Mr Walsh of counsel for the applicant drew my attention to various findings by the learned Magistrate: that the sum of $32,000 was in the applicant's possession because $10,000 ofit was borrowed from the applicant's mother to purchase acoffee vending business; that some $16,000 was in his possession because a business friend repaid a loan to him and that some $5,000 was as a result of gambling winnings and that there was evidence to support that.
The learned Magistrate, although not satisfied that that $32,000 was derived from drugs, concluded that she thought the applicant intended to use that money to buy drugs. In paragraph 22 of her Honour's reasons it was said:
"Defence counsel submits that there was no evidence of the defendant's future intention to use the cash seized to purchase drugs. It was the defendant's submission that the prosecution had not adduced evidence of a future intention to purchase drugs using the $32,050 seized from the defendant's wardrobe."
The seizure of that money occurred during a drugs raid by the police. The raid found considerable drugs paraphernalia as well as the sum of $32,000. The learned Magistrate continued:
"In my view the prosecution is not required today to establish a future intention, merely to establish a reasonable suspicion that such an intention exists.”
In King v DeVilliers [1997] QCA 419 the Court of Appeal, indealing with the relevant statutory provision, said as follows (at page 9):
"The question whether the property was 'property that may reasonably be suspected of being tainted property' must be determined not according to the subjective beliefs of the police at the time, but according to an objective criterion determined by the court at the time of the decision. Also, that element must be established beyond reasonable doubt."
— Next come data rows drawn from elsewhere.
(* Let $p\ge 2$ and $q\in\{0,1,\dots,p-2\}$ be integers, let $x$ be a right vertex of $T_H$, let $f$ be any $2p$ distance coloring of $T_H$, and let $v\in\mathcal{F}^{c}_{x,p-q}$ be a corner vertex. Then $$\big|\{u\in\mathcal{F}_{x,p+q+1} : f(u)=f(v)\}\big|\le 2.$$
   Context: $T_H$ is the infinite hexagonal grid with vertex set $\mathbb{Z}^2$: $(i,j)$ is adjacent to $(i,j\pm1)$, and $(i,j)$ is adjacent to $(i+1,j)$ iff $i+j$ is even; no other edges. A vertex $(i,j)$ with $i+j$ even is called a right vertex. $d(u,v)$ is graph distance. A $2p$ distance coloring is a map $f:V(T_H)\to\{1,\dots,n\}$ with $f(u)\ne f(v)$ for all distinct $u,v$ with $d(u,v)\le 2p$. For a vertex $x$ and integer $k\ge0$, $\mathcal{F}_{x,k}=\{u: d(x,u)=k\}$. For a right vertex $x=(i,j)$ and $k\ge2$, the six corner vertices of $\mathcal{F}_{x,k}$ are $(i,j+k)$, $(i+\lceil k/2\rceil, j+\lfloor k/2\rfloor)$, $(i+\lceil k/2\rceil, j-\lfloor k/2\rfloor)$, $(i,j-k)$, $(i-\lfloor k/2\rfloor, j-\lceil k/2\rceil)$, $(i-\lfloor k/2\rfloor, j+\lceil k/2\rceil)$ (all lie in $\mathcal{F}_{x,k}$); their set is denoted $\mathcal{F}^c_{x,k}$, and $\mathcal{F}^{nc}_{x,k}=\mathcal{F}_{x,k}\setminus\mathcal{F}^c_{x,k}$ is the set of non corner vertices. *)

From Stdlib Require Import ZArith List Lia.
Import ListNotations.
Open Scope Z_scope.

(* Vertices of the infinite hexagonal grid T_H: Z^2. *)
Definition vtx := (Z * Z)%type.

Definition adj (u v : vtx) : Prop :=
  let (i, j) := u in let (k, l) := v in
  (k = i /\ (l = j + 1 \/ l = j - 1))
  \/ (k = i + 1 /\ l = j /\ Z.even (i + j) = true)
  \/ (k = i - 1 /\ l = j /\ Z.even (k + l) = true).

Definition right_vertex (x : vtx) : Prop := Z.even (fst x + snd x) = true.

Inductive walk : vtx -> vtx -> nat -> Prop :=
| walk_nil : forall u, walk u u 0
| walk_cons : forall u w v n, adj u w -> walk w v n -> walk u v (S n).

Definition dist_eq (u v : vtx) (k : nat) : Prop :=
  walk u v k /\ forall m, (m < k)%nat -> ~ walk u v m.

Definition dist_le (u v : vtx) (k : nat) : Prop :=
  exists m, (m <= k)%nat /\ walk u v m.

Definition distance_coloring (p n : nat) (f : vtx -> nat) : Prop :=
  (forall u, (1 <= f u <= n)%nat) /\
  (forall u v, u <> v -> dist_le u v (2 * p) -> f u <> f v).

Definition F (x : vtx) (k : nat) (u : vtx) : Prop := dist_eq x u k.

(* corner vertices of F_{x,k} for a right vertex x = (i,j), k >= 2 *)
Definition corners (x : vtx) (k : nat) : list vtx :=
  let i := fst x in let j := snd x in let K := Z.of_nat k in
  let c := (K + 1) / 2 in
  let fl := K / 2 in
  [ (i, j + K); (i + c, j + fl); (i + c, j - fl); (i, j - K);
    (i - fl, j - c); (i - fl, j + c) ].

From Stdlib Require Import ZArith List Lia.
Open Scope Z_scope.

(* Graph distance on T_H has the closed form
   d(u,w) = max(|Δi| + |Δj|, |col w - col u|), where col (i,j) = 2i - ((i+j) mod 2)
   numbers the "columns" of the hexagonal grid: every edge changes both terms by
   exactly one, and from any vertex some edge decreases the maximum.
   Put x at the origin.  A vertex u of F_{x,k} with d(u,v) > 2p, where v is a corner of
   F_{x,p-q} and k = p+q+1, satisfies d(u,v) = d(u,x) + d(x,v), which forces u onto
   the two sides of the hexagon F_{x,k} opposite to v.  On these sides a linear
   coordinate L controls the distance: for a scale s in {1, 2}, d(u,w) > 2p forces
   |L u - L w| >= s p, while L ranges over an interval of length s k < 2 s p.
   Three such vertices cannot fit. *)

Definition col (u : vtx) : Z := 2 * fst u - (fst u + snd u) mod 2.

Definition hex_dist (u w : vtx) : Z :=
  Z.max (Z.abs (fst w - fst u) + Z.abs (snd w - snd u)) (Z.abs (col w - col u)).

Lemma even_iff_mod2 z : Z.even z = true <-> z mod 2 = 0.
Proof. rewrite Zeven_mod. apply Z.eqb_eq. Qed.

Lemma mod2_cases z :
  (z mod 2 = 0 /\ exists m, z = 2 * m) \/ (z mod 2 = 1 /\ exists m, z = 2 * m + 1).
Proof.
  pose proof (Z.div_mod z 2 ltac:(lia)). pose proof (Z.mod_pos_bound z 2 ltac:(lia)).
  assert (z mod 2 = 0 \/ z mod 2 = 1) as [E|E] by lia; [left|right];
    split; try exists (z / 2); lia.
Qed.

(* Replaces every [z mod 2] in the goal by its value, keeping the parity of [z]. *)
Ltac case_mod2 :=
  repeat match goal with
  | |- context [?z mod 2] =>
      let E := fresh "E" in let m := fresh "m" in let Hm := fresh "Hm" in
      destruct (mod2_cases z) as [[E [m Hm]] | [E [m Hm]]]; rewrite E
  end.

Lemma hex_dist_refl u : hex_dist u u = 0.
Proof. unfold hex_dist; lia. Qed.

Lemma hex_dist_nonneg u v : 0 <= hex_dist u v.
Proof. unfold hex_dist; lia. Qed.

Lemma hex_dist_eq0 u v : hex_dist u v = 0 -> u = v.
Proof.
  destruct u as [i j], v as [s t]; unfold hex_dist; cbn [fst snd]; intros.
  f_equal; lia.
Qed.

Lemma hex_dist_adj u w v : adj u w -> hex_dist u v <= hex_dist w v + 1.
Proof.
  destruct u as [i j], w as [k l], v as [s t]; unfold adj, hex_dist, col; cbn [fst snd].
  rewrite !even_iff_mod2.
  intros [[-> [-> | ->]] | [[-> [-> H]] | [-> [-> H]]]].
  all: Z.div_mod_to_equations; lia.
Qed.

(* Step horizontally when the column difference dominates and points the way the
   horizontal edge moves (towards larger columns at a right vertex, smaller at a left
   one); otherwise step vertically towards v. *)
Lemma hex_dist_step u v : u <> v -> exists w, adj u w /\ hex_dist w v = hex_dist u v - 1.
Proof.
  destruct u as [i j], v as [s t]; intros Hne.
  assert (Hst : s <> i \/ t <> j)
    by (destruct (Z.eq_dec s i), (Z.eq_dec t j); subst; auto).
  set (L1 := Z.abs (s - i) + Z.abs (t - j)).
  set (dc := col (s, t) - col (i, j)).
  destruct (mod2_cases (i + j)) as [[Hr _] | [Hr _]].
  - destruct (Z.le_gt_cases L1 dc) as [Hc | Hc];
      [exists (i + 1, j) | destruct (Z.lt_ge_cases 0 (t - j));
                           [exists (i, j + 1) | exists (i, j - 1)]].
    all: split; [unfold adj; rewrite !even_iff_mod2 | unfold hex_dist, col in *; cbn [fst snd] in *].
    all: Z.div_mod_to_equations; lia.
  - destruct (Z.le_gt_cases L1 (- dc)) as [Hc | Hc];
      [exists (i - 1, j) | destruct (Z.lt_ge_cases 0 (t - j));
                           [exists (i, j + 1) | exists (i, j - 1)]].
    all: split; [unfold adj; rewrite !even_iff_mod2 | unfold hex_dist, col in *; cbn [fst snd] in *].
    all: Z.div_mod_to_equations; lia.
Qed.

Lemma walk_hex_dist_le u v m : walk u v m -> hex_dist u v <= Z.of_nat m.
Proof.
  induction 1 as [u | u w v m Huw _ IH].
  - rewrite hex_dist_refl; lia.
  - pose proof (hex_dist_adj u w v Huw); lia.
Qed.

Lemma walk_of_hex_dist n : forall u v, hex_dist u v = Z.of_nat n -> walk u v n.
Proof.
  induction n as [| n IH]; intros u v Hd.
  - rewrite (hex_dist_eq0 u v Hd); constructor.
  - assert (Hne : u <> v) by (intros ->; rewrite hex_dist_refl in Hd; lia).
    destruct (hex_dist_step u v Hne) as [w [Huw Hw]].
    apply walk_cons with w; [exact Huw | apply IH; lia].
Qed.

Lemma F_hex_dist x k u : F x k u -> hex_dist x u = Z.of_nat k.
Proof.
  intros [Hw Hmin].
  pose proof (walk_hex_dist_le _ _ _ Hw). pose proof (hex_dist_nonneg x u).
  destruct (Z.lt_ge_cases (hex_dist x u) (Z.of_nat k)) as [Hlt | Hge]; [| lia].
  exfalso; apply (Hmin (Z.to_nat (hex_dist x u))); [lia |].
  apply walk_of_hex_dist; lia.
Qed.

Lemma same_color_hex_dist p n f u w :
  distance_coloring p n f -> u <> w -> f u = f w -> Z.of_nat (2 * p) < hex_dist u w.
Proof.
  intros [_ Hcol] Hne Hf. pose proof (hex_dist_nonneg u w).
  destruct (Z.lt_ge_cases (Z.of_nat (2 * p)) (hex_dist u w)) as [Hlt | Hge]; [exact Hlt |].
  exfalso; apply (Hcol u w Hne); [| exact Hf].
  exists (Z.to_nat (hex_dist u w)); split; [lia |].
  apply walk_of_hex_dist; lia.
Qed.

Definition vsub (u x : vtx) : vtx := (fst u - fst x, snd u - snd x).

Lemma col_vsub u x : (fst x + snd x) mod 2 = 0 -> col (vsub u x) = col u - col x.
Proof.
  destruct u as [a b], x as [i j]; unfold col, vsub; cbn [fst snd]; intros.
  Z.div_mod_to_equations; lia.
Qed.

Lemma hex_dist_vsub x u w :
  (fst x + snd x) mod 2 = 0 -> hex_dist (vsub u x) (vsub w x) = hex_dist u w.
Proof.
  intros Hx. unfold hex_dist. rewrite !col_vsub by exact Hx.
  unfold vsub; cbn [fst snd]. f_equal; f_equal; lia.
Qed.

Lemma vsub_diag x : vsub x x = (0, 0).
Proof. unfold vsub; f_equal; lia. Qed.

Inductive corner_dir := North | NorthEast | SouthEast | South | SouthWest | NorthWest.

Definition corner_vec (d : corner_dir) (K : Z) : vtx :=
  match d with
  | North => (0, K)
  | NorthEast => ((K + 1) / 2, K / 2)
  | SouthEast => ((K + 1) / 2, - (K / 2))
  | South => (0, - K)
  | SouthWest => (- (K / 2), - ((K + 1) / 2))
  | NorthWest => (- (K / 2), (K + 1) / 2)
  end.

Lemma corners_vsub x K v :
  In v (corners x K) -> exists d, vsub v x = corner_vec d (Z.of_nat K).
Proof.
  destruct x as [i j]; unfold corners, vsub; cbn [fst snd In].
  intros [<- | [<- | [<- | [<- | [<- | [<- | []]]]]]];
    [exists North | exists NorthEast | exists SouthEast
    | exists South | exists SouthWest | exists NorthWest];
    cbn [fst snd corner_vec]; f_equal; lia.
Qed.

Definition corner_col (d : corner_dir) (K : Z) : Z :=
  match d with
  | North | South => - (K mod 2)
  | NorthEast | SouthEast => K
  | SouthWest | NorthWest => - K
  end.

Lemma col_origin : col (0, 0) = 0.
Proof. reflexivity. Qed.

Lemma col_corner d K : col (corner_vec d K) = corner_col d K.
Proof.
  unfold col; destruct d; cbn [fst snd corner_vec corner_col].
  all: Z.div_mod_to_equations; lia.
Qed.

Lemma hex_dist_corner d K : 0 <= K -> hex_dist (0, 0) (corner_vec d K) = K.
Proof.
  intros HK; unfold hex_dist, col; destruct d; cbn [fst snd corner_vec].
  all: Z.div_mod_to_equations; lia.
Qed.

(* The two sides of the hexagon of radius k that meet at the corner opposite to the
   corner in direction d, each described by linear constraints. *)
Definition opposite_side (d : corner_dir) (k : Z) (u : vtx) : Prop :=
  let a := fst u in let b := snd u in
  match d with
  | North => (0 <= a /\ b < 0 /\ a - b = k /\ col u <= k)
             \/ (a <= 0 /\ b < 0 /\ a + b = - k /\ - k <= col u)
  | South => (0 <= a /\ 0 < b /\ a + b = k /\ col u <= k)
             \/ (a <= 0 /\ 0 < b /\ b - a = k /\ - k <= col u)
  | NorthEast => (col u = - k /\ - (k + a) <= b <= k + a)
                 \/ (a <= 0 /\ b <= 0 /\ a + b = - k /\ - k <= col u)
  | SouthEast => (col u = - k /\ - (k + a) <= b <= k + a)
                 \/ (a <= 0 /\ 0 <= b /\ b - a = k /\ - k <= col u)
  | SouthWest => (col u = k /\ - (k - a) <= b <= k - a)
                 \/ (0 <= a /\ 0 <= b /\ a + b = k /\ col u <= k)
  | NorthWest => (col u = k /\ - (k - a) <= b <= k - a)
                 \/ (0 <= a /\ b <= 0 /\ a - b = k /\ col u <= k)
  end.

Definition side_coord (d : corner_dir) (u : vtx) : Z :=
  match d with
  | North | South => fst u
  | NorthEast | SouthWest => fst u - snd u
  | SouthEast | NorthWest => fst u + snd u
  end.

Definition side_scale (d : corner_dir) : Z :=
  match d with North | South => 1 | _ => 2 end.

Definition side_low (d : corner_dir) (k : Z) : Z :=
  match d with North | South => - (k / 2) | _ => - k end.

Lemma opposite_side_of_far d K k u : 2 <= K -> 2 <= k ->
  hex_dist (0, 0) u <= k -> k + K <= hex_dist u (corner_vec d K) -> opposite_side d k u.
Proof.
  destruct u as [a b]; intros HK Hk.
  unfold hex_dist; rewrite col_corner, col_origin.
  assert (HK2 : K = 2 * (K / 2) + K mod 2) by (apply Z.div_mod; lia).
  assert (Hf : K mod 2 = 0 \/ K mod 2 = 1) by (pose proof (Z.mod_pos_bound K 2); lia).
  assert (HK1 : (K + 1) / 2 = K / 2 + K mod 2) by (Z.div_mod_to_equations; lia).
  unfold corner_vec, corner_col; destruct d; rewrite ?HK1;
    revert HK2 Hf; generalize (K / 2) (K mod 2); intros n f -> Hf;
    unfold opposite_side, col; cbn [fst snd]; case_mod2;
    rewrite Z.max_lub_iff, Z.max_le_iff; intros [Hu1 Hu2] [Hv | Hv].
  all: destruct Hf as [-> | ->]; lia.
Qed.

Lemma side_separation d k p u w :
  opposite_side d k u -> opposite_side d k w ->
  2 * p < hex_dist u w -> side_scale d * p <= Z.abs (side_coord d u - side_coord d w).
Proof.
  destruct u as [a b], w as [a' b'].
  unfold hex_dist, opposite_side, side_coord, side_scale, col.
  destruct d; cbn [fst snd]; case_mod2; intros [Hu | Hu] [Hw | Hw] Hd.
  all: lia.
Qed.

Lemma side_coord_range d k u : 0 <= k -> opposite_side d k u ->
  side_low d k <= side_coord d u <= side_low d k + side_scale d * k.
Proof.
  destruct u as [a b]; unfold opposite_side, side_coord, side_scale, side_low, col.
  destruct d; cbn [fst snd]; case_mod2; intros.
  all: Z.div_mod_to_equations; lia.
Qed.

Lemma opposite_side_no_three d k p u1 u2 u3 : 0 <= k < 2 * p ->
  opposite_side d k u1 -> opposite_side d k u2 -> opposite_side d k u3 ->
  2 * p < hex_dist u1 u2 -> 2 * p < hex_dist u1 u3 -> 2 * p < hex_dist u2 u3 -> False.
Proof.
  intros Hk H1 H2 H3 H12 H13 H23.
  pose proof (side_separation _ _ _ _ _ H1 H2 H12).
  pose proof (side_separation _ _ _ _ _ H1 H3 H13).
  pose proof (side_separation _ _ _ _ _ H2 H3 H23).
  pose proof (side_coord_range _ _ _ (proj1 Hk) H1).
  pose proof (side_coord_range _ _ _ (proj1 Hk) H2).
  pose proof (side_coord_range _ _ _ (proj1 Hk) H3).
  assert (0 < side_scale d) by (destruct d; cbn; lia).
  nia.
Qed.

Lemma same_color_as_corner_opposite p q n f x v d u :
  (2 <= p)%nat -> (q <= p - 2)%nat -> right_vertex x -> distance_coloring p n f ->
  vsub v x = corner_vec d (Z.of_nat (p - q)) ->
  F x (p + q + 1) u -> f u = f v -> opposite_side d (Z.of_nat (p + q + 1)) (vsub u x).
Proof.
  intros Hp Hq Hx Hcol Hv Hu Hfu.
  apply even_iff_mod2 in Hx.
  apply F_hex_dist in Hu.
  assert (Hxv : hex_dist x v = Z.of_nat (p - q)).
  { rewrite <- (hex_dist_vsub x x v Hx), vsub_diag, Hv. apply hex_dist_corner; lia. }
  assert (Hne : u <> v) by (intros ->; lia).
  pose proof (same_color_hex_dist p n f u v Hcol Hne Hfu) as Hfar.
  rewrite <- (hex_dist_vsub x) in Hu, Hfar by exact Hx.
  rewrite vsub_diag in Hu. rewrite Hv in Hfar.
  apply opposite_side_of_far with (K := Z.of_nat (p - q)); lia.
Qed.

Theorem mainTheorem6 :
  forall (p q n : nat) (x v : vtx) (f : vtx -> nat),
    (2 <= p)%nat -> (q <= p - 2)%nat ->
    right_vertex x ->
    distance_coloring p n f ->
    In v (corners x (p - q)) ->
    forall us : list vtx,
      NoDup us ->
      (forall u, In u us -> F x (p + q + 1) u /\ f u = f v) ->
      (length us <= 2)%nat.
Proof.
  intros p q n x v f Hp Hq Hx Hcol Hv us Hnd Hus.
  destruct us as [| u1 [| u2 [| u3 us']]]; cbn [length]; try lia; exfalso.
  apply NoDup_cons_iff in Hnd as [Hn1 Hnd]; apply NoDup_cons_iff in Hnd as [Hn2 _].
  assert (H12 : u1 <> u2) by (intros ->; apply Hn1; cbn; auto).
  assert (H13 : u1 <> u3) by (intros ->; apply Hn1; cbn; auto).
  assert (H23 : u2 <> u3) by (intros ->; apply Hn2; cbn; auto).
  destruct (corners_vsub x _ v Hv) as [d Hd].
  pose proof (proj1 (even_iff_mod2 _) Hx) as Hx2.
  assert (Hside : forall u, In u (u1 :: u2 :: u3 :: us') ->
                            opposite_side d (Z.of_nat (p + q + 1)) (vsub u x)).
  { intros u Hu; destruct (Hus u Hu).
    eapply same_color_as_corner_opposite; eauto. }
  assert (Hfar : forall u w, In u (u1 :: u2 :: u3 :: us') -> In w (u1 :: u2 :: u3 :: us') ->
                   u <> w -> 2 * Z.of_nat p < hex_dist (vsub u x) (vsub w x)).
  { intros u w Hu Hw Hne. rewrite hex_dist_vsub by exact Hx2.
    destruct (Hus u Hu), (Hus w Hw).
    enough (Z.of_nat (2 * p) < hex_dist u w) by lia.
    apply (same_color_hex_dist p n f); [exact Hcol | exact Hne | congruence]. }
  apply (opposite_side_no_three d (Z.of_nat (p + q + 1)) (Z.of_nat p)
           (vsub u1 x) (vsub u2 x) (vsub u3 x)); [lia | ..].
  all: first [apply Hside | apply Hfar]; cbn; auto.
Qed.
Ms Cooper, who appeared for the Director of Public Prosecutions accepted, as I think she had to, that the learned Magistrate did not apply her mind to the test in King v DeVilliers, notwithstanding that that authority and the passage which I've quoted, was expressly drawn to her Honour's attention. On that basis Ms Cooper accepted that paragraph 22 in her Honour's reasons did not comply with that test.
The Magistrate was required to determine this matter objectively and to ensure that if this money were to be forfeited, she was so satisfied beyond reasonable doubt. Unfortunately that necessary test was not applied in the circumstances of the present case.
In those circumstances, and there being no other basis upon which the learned Magistrate's decision could withstand appeal, my orders are that the appeal is allowed and that the orders made by the learned Magistrate with respect to the fine imposed against the applicant, his conviction and the forfeiture of the sum of $32,050 are set aside.
...
HIS HONOUR: I order that the forfeited amount of $32,050 be returned by the respondent to the solicitors for the applicant within 28 days.